WORK TO BE COMPLETED:
Transcribe, verbatim, every line from the start of the entries through the line that contains "Lemma dotBr x"; include both boundary lines and omit all others.

SUPPLIED DATA section start

Lemma dotZl a x y : dot (a *: x) y = a * dot x y.
Proof. by rewrite /dot mulr_sumr; apply: eq_bigr => j _; rewrite mxE mulrA. Qed.

Lemma dotNl x y : dot (- x) y = - dot x y.
Proof. by rewrite -scaleN1r dotZl mulN1r. Qed.

Lemma dotBl x y z : dot (x - y) z = dot x z - dot y z.
Proof. by rewrite dotDl dotNl. Qed.

Lemma dotBr x y z : dot z (x - y) = dot z x - dot z y.
Proof. by rewrite dotC dotBl !(dotC z). Qed.

Lemma dotZr a x y : dot y (a *: x) = a * dot y x.
Proof. by rewrite dotC dotZl dotC. Qed.

Lemma dot0l x : dot 0 x = 0.
Proof. by rewrite /dot big1 // => j _; rewrite mxE mul0r. Qed.

Lemma dot0r x : dot x 0 = 0.
Proof. by rewrite dotC dot0l. Qed.

Lemma dot_suml (I : Type) (r : seq I) (P : pred I) (F : I -> 'rV[R]_n) y :
  dot (\sum_(i <- r | P i) F i) y = \sum_(i <- r | P i) dot (F i) y.
Proof. exact: (big_morph (fun x => dot x y) (fun u v => dotDl u v y) (dot0l y)). Qed.

Lemma sqnorm_ge0 x : 0 <= sqnorm x.
Proof. by apply: sumr_ge0 => j _; rewrite -expr2 sqr_ge0. Qed.

Lemma sqnormD x y : sqnorm (x + y) = sqnorm x + 2 * dot x y + sqnorm y.
Proof. by rewrite /sqnorm !dotDl !(dotC _ (x + y)) !dotDl (dotC x y); ring. Qed.

Lemma sqnormB x y : sqnorm (x - y) = sqnorm x - 2 * dot x y + sqnorm y.
Proof. by rewrite /sqnorm !dotBl !dotBr (dotC y x); ring. Qed.

Lemma sqnormZ a x : sqnorm (a *: x) = a ^+ 2 * sqnorm x.
Proof. by rewrite /sqnorm dotZl dotZr mulrA -expr2. Qed.

Lemma sqnormN x : sqnorm (- x) = sqnorm x.
Proof. by rewrite -scaleN1r sqnormZ sqrrN expr1n mul1r. Qed.

Lemma sqnormBC x y : sqnorm (x - y) = sqnorm (y - x).
Proof. by rewrite -sqnormN opprB. Qed.

Lemma sqnorm0 : sqnorm 0 = 0.
Proof. exact: dot0l. Qed.

Lemma sqr_coord_le_sqnorm x j : x 0 j ^+ 2 <= sqnorm x.
Proof.
rewrite /sqnorm /dot (bigD1 j) //= -expr2 lerDl.
by apply: sumr_ge0 => i _; rewrite -expr2 sqr_ge0.
Qed.

Lemma sqnorm_eq0 x : (sqnorm x == 0) = (x == 0).
Proof.
apply/eqP/eqP => [x0|->]; last exact: sqnorm0.
apply/rowP => j; rewrite mxE; apply/eqP; rewrite -sqrf_eq0 eq_le sqr_ge0 andbT.
by rewrite -x0 sqr_coord_le_sqnorm.
Qed.

Lemma sqnorm_le_coord x d : (forall j, `|x 0 j| <= d) -> sqnorm x <= n%:R * d ^+ 2.
Proof.
move=> xd; rewrite -[n in n%:R]card_ord mulr_natl -sumr_const /sqnorm /dot.
apply: ler_sum => j _; rewrite -expr2 -real_normK ?num_real //.
by rewrite ler_sqr ?nnegrE ?(le_trans _ (xd j)).
Qed.

Lemma enormE x : enorm x = Num.sqrt (sqnorm x).
Proof. by congr Num.sqrt; apply: eq_bigr => j _; rewrite expr2. Qed.

Lemma enorm_ge0 x : 0 <= enorm x.
Proof. by rewrite enormE sqrtr_ge0. Qed.

Lemma sqr_enorm x : enorm x ^+ 2 = sqnorm x.
Proof. by rewrite enormE sqr_sqrtr // sqnorm_ge0. Qed.

Lemma enorm_le x r : 0 <= r -> (enorm x <= r) = (sqnorm x <= r ^+ 2).
Proof. by move=> r0; rewrite -sqr_enorm ler_sqr ?nnegrE ?enorm_ge0. Qed.

Lemma enorm0 : enorm (0 : 'rV[R]_n) = 0.
Proof. by rewrite enormE sqnorm0 sqrtr0. Qed.

Lemma enorm_gt0 x : (0 < enorm x) = (x != 0).
Proof. by rewrite enormE sqrtr_gt0 lt_def sqnorm_ge0 sqnorm_eq0 andbT. Qed.

Lemma enormBC x y : enorm (x - y) = enorm (y - x).
Proof. by rewrite !enormE sqnormBC. Qed.

Lemma enormZ a x : enorm (a *: x) = `|a| * enorm x.
Proof. by rewrite !enormE sqnormZ sqrtrM ?sqr_ge0 // sqrtr_sqr. Qed.

Lemma enormN x : enorm (- x) = enorm x.
Proof. by rewrite -scaleN1r enormZ normrN normr1 mul1r. Qed.

Lemma dot_le_enorm x y : dot x y <= enorm x * enorm y.
Proof.
have [->|x0] := eqVneq x 0; first by rewrite dot0l enorm0 mul0r.
have [->|y0] := eqVneq y 0; first by rewrite dot0r enorm0 mulr0.
set a := enorm x; set b := enorm y.
have ab_pos : 0 < a * b by rewrite mulr_gt0 ?enorm_gt0.
(* 0 <= |b x - a y|^2 = 2 a b (a b - dot x y) *)
have := sqnorm_ge0 (b *: x - a *: y).
rewrite sqnormB !sqnormZ dotZl dotZr -!sqr_enorm -/a -/b => h.
by rewrite -subr_ge0 -(pmulr_rge0 _ ab_pos); nra.
Qed.

Lemma enormD_le x y : enorm (x + y) <= enorm x + enorm y.
Proof.
rewrite enorm_le ?addr_ge0 ?enorm_ge0 // sqnormD -!sqr_enorm.
by have := dot_le_enorm x y; lra.
Qed.

Lemma enormB_le x y z : enorm (x - z) <= enorm (x - y) + enorm (y - z).
Proof. by have := enormD_le (x - y) (y - z); rewrite addrA subrK. Qed.

End Euclidean.

Lemma row_sum_eq0_gt0 {R : realDomainType} {k} {u : 'rV[R]_k} :
  u != 0 -> \sum_i u 0 i = 0 -> exists i, 0 < u 0 i.
Proof.
move=> u0 u_sum; apply: contrapT => nopos; move/eqP: u0; apply; apply/rowP => i.
have u_le0 j : 0 <= - u 0 j.
  by rewrite oppr_ge0 leNgt; apply/negP => ?; apply: nopos; exists j.
have sum_opp : \sum_j - u 0 j = 0 by rewrite sumrN u_sum oppr0.
have /(_ i isT)/eqP := psumr_eq0P (fun j _ => u_le0 j) sum_opp.
by rewrite oppr_eq0 mxE => /eqP.
Qed.

Section AffineRelation.
Context {R : realType} {n : nat}.

Lemma affine_relation {k} (q : 'I_k -> 'rV[R]_n) : (n.+1 < k)%N ->
  exists2 u : 'rV[R]_k, u != 0 & \sum_i u 0 i = 0 /\ \sum_i u 0 i *: q i = 0.
Proof.
move=> nk; pose M := row_mx (const_mx 1 : 'M[R]_(k, 1)) (\matrix_i q i).
have /rowV0Pn[u /sub_kermxP uM u0] : kermx M != 0.
  rewrite -mxrank_eq0 mxrank_ker -lt0n subn_gt0.
  by apply: leq_ltn_trans (rank_leq_col M) _; rewrite add1n.
exists u => //; move: uM; rewrite mul_mx_row => /eqP; rewrite row_mx_eq0.
case/andP => /eqP/rowP/(_ 0) u1 /eqP uq; split.
  move: u1; rewrite !mxE => u1; apply: etrans _ u1.
  by apply: eq_bigr => i _; rewrite mxE mulr1.
by apply: etrans _ uq; rewrite mulmx_sum_row; apply: eq_bigr => i _; rewrite rowK.
Qed.

End AffineRelation.

Section WeightedPoints.
Context {R : realType} {n m : nat}.
Variable p : 'I_m -> 'rV[R]_n.
Implicit Types (l mu : 'rV[R]_m) (a t : R).

Definition simplex : set 'rV[R]_m :=
  [set l | (forall i, 0 <= l 0 i) /\ \sum_i l 0 i = 1].

Definition barycenter l : 'rV[R]_n := \sum_i l 0 i *: p i.
Definition moment2 l : R := \sum_i l 0 i * sqnorm (p i).
Definition variance l : R := moment2 l - sqnorm (barycenter l).

Lemma barycenterD l mu : barycenter (l + mu) = barycenter l + barycenter mu.
Proof. by rewrite -big_split; apply: eq_bigr => i _; rewrite mxE scalerDl. Qed.

Lemma barycenterZ a l : barycenter (a *: l) = a *: barycenter l.
Proof. by rewrite scaler_sumr; apply: eq_bigr => i _; rewrite mxE scalerA. Qed.

Lemma moment2D l mu : moment2 (l + mu) = moment2 l + moment2 mu.
Proof. by rewrite -big_split; apply: eq_bigr => i _; rewrite mxE mulrDl. Qed.

Lemma moment2Z a l : moment2 (a *: l) = a * moment2 l.
Proof. by rewrite mulr_sumr; apply: eq_bigr => i _; rewrite mxE mulrA. Qed.

Lemma barycenter_delta i : barycenter (delta_mx 0 i) = p i.
Proof.
rewrite /barycenter (bigD1 i) //= mxE !eqxx scale1r big1 ?addr0 // => k ki.
by rewrite mxE (negbTE ki) andbF scale0r.
Qed.

Lemma moment2_delta i : moment2 (delta_mx 0 i) = sqnorm (p i).
Proof.
rewrite /moment2 (bigD1 i) //= mxE !eqxx mul1r big1 ?addr0 // => k ki.
by rewrite mxE (negbTE ki) andbF mul0r.
Qed.

Lemma parallel_axis l z : simplex l ->
  \sum_i l 0 i * sqnorm (p i - z) = variance l + sqnorm (barycenter l - z).
Proof.
case=> _ l1; under eq_bigr do rewrite sqnormB !mulrDr mulrN.
rewrite !big_split /= sumrN -mulr_suml l1 mul1r.
have -> : \sum_i l 0 i * (2 * dot (p i) z) = 2 * dot (barycenter l) z.
  by rewrite dot_suml mulr_sumr; apply: eq_bigr => i _; rewrite dotZl mulrCA.
by rewrite /variance sqnormB /moment2; ring.
Qed.

Lemma variance_continuous : continuous variance.
Proof.
have lin_cont (c : 'I_m -> R) : continuous (fun l : 'rV[R]_m => \sum_i l 0 i * c i).
  apply: continuous_big => [|i _ l]; first exact: add_continuous.
  by apply: continuousM; [exact: coord_continuous | exact: cst_continuous].
have -> : variance = fun l => \sum_i l 0 i * sqnorm (p i) -
    \sum_j (\sum_i l 0 i * p i 0 j) * (\sum_i l 0 i * p i 0 j).
  apply: funext => l; congr (_ - _); apply: eq_bigr => j _.
  by rewrite summxE; under eq_bigr do rewrite mxE.
move=> l; apply: continuousB; first exact: lin_cont.
apply: continuous_big => [|j _ l']; first exact: add_continuous.
by apply: continuousM; exact: lin_cont.
Qed.

Lemma simplex_compact : compact simplex.
Proof.
have simplexE : simplex = \bigcap_i [set l : 'rV[R]_m | 0 <= l 0 i] `&`
    (fun l : 'rV[R]_m => \sum_i l 0 i) @^-1` [set 1].
  by apply/seteqP; split => l [l0 l1]; split => // i; [move=> _; exact: l0 | exact: l0].
have sum_cont : continuous (fun l : 'rV[R]_m => \sum_i l 0 i).
  apply: continuous_big => [|i _]; [exact: add_continuous | exact: coord_continuous].
apply: (subclosed_compact _ (rV_compact (fun=> @segment_compact R 0 1))).
  rewrite simplexE; apply: closedI.
    apply: closed_bigI => i _; apply: preimage_closed (@closed_ge R 0) => l _.
    exact: coord_continuous.
  by apply: preimage_closed => [l _|]; [exact: sum_cont | exact: closed_eq].
move=> l [l0 l1] i /=; rewrite in_itv /= l0 -l1 (bigD1 i) //= lerDl.
by apply: sumr_ge0 => j _; exact: l0.
Qed.

Lemma simplex_delta i : simplex (delta_mx 0 i).
Proof.
split=> [k|]; first by rewrite mxE ler0n.
rewrite (bigD1 i) //= mxE !eqxx big1 ?addr0 // => k ki.
by rewrite mxE (negbTE ki) andbF.
Qed.

Lemma variance_argmax_exists : (0 < m)%N ->
  exists2 l, simplex l & forall l', simplex l' -> variance l' <= variance l.
Proof.
move=> m_gt0.
have [||l] := @EVT_max_rV _ _ variance _ _ simplex_compact.
- by exists (delta_mx 0 (Ordinal m_gt0)); exact: simplex_delta.
- exact/continuous_subspaceT/variance_continuous.
- by rewrite inE => sl lmax; exists l => // l' sl'; apply: lmax; rewrite inE.
Qed.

SUPPLIED DATA section end

OUTPUT FOR THIS TASK:
Lemma dotZl a x y : dot (a *: x) y = a * dot x y.
Proof. by rewrite /dot mulr_sumr; apply: eq_bigr => j _; rewrite mxE mulrA. Qed.

Lemma dotNl x y : dot (- x) y = - dot x y.
Proof. by rewrite -scaleN1r dotZl mulN1r. Qed.

Lemma dotBl x y z : dot (x - y) z = dot x z - dot y z.
Proof. by rewrite dotDl dotNl. Qed.

Lemma dotBr x y z : dot z (x - y) = dot z x - dot z y.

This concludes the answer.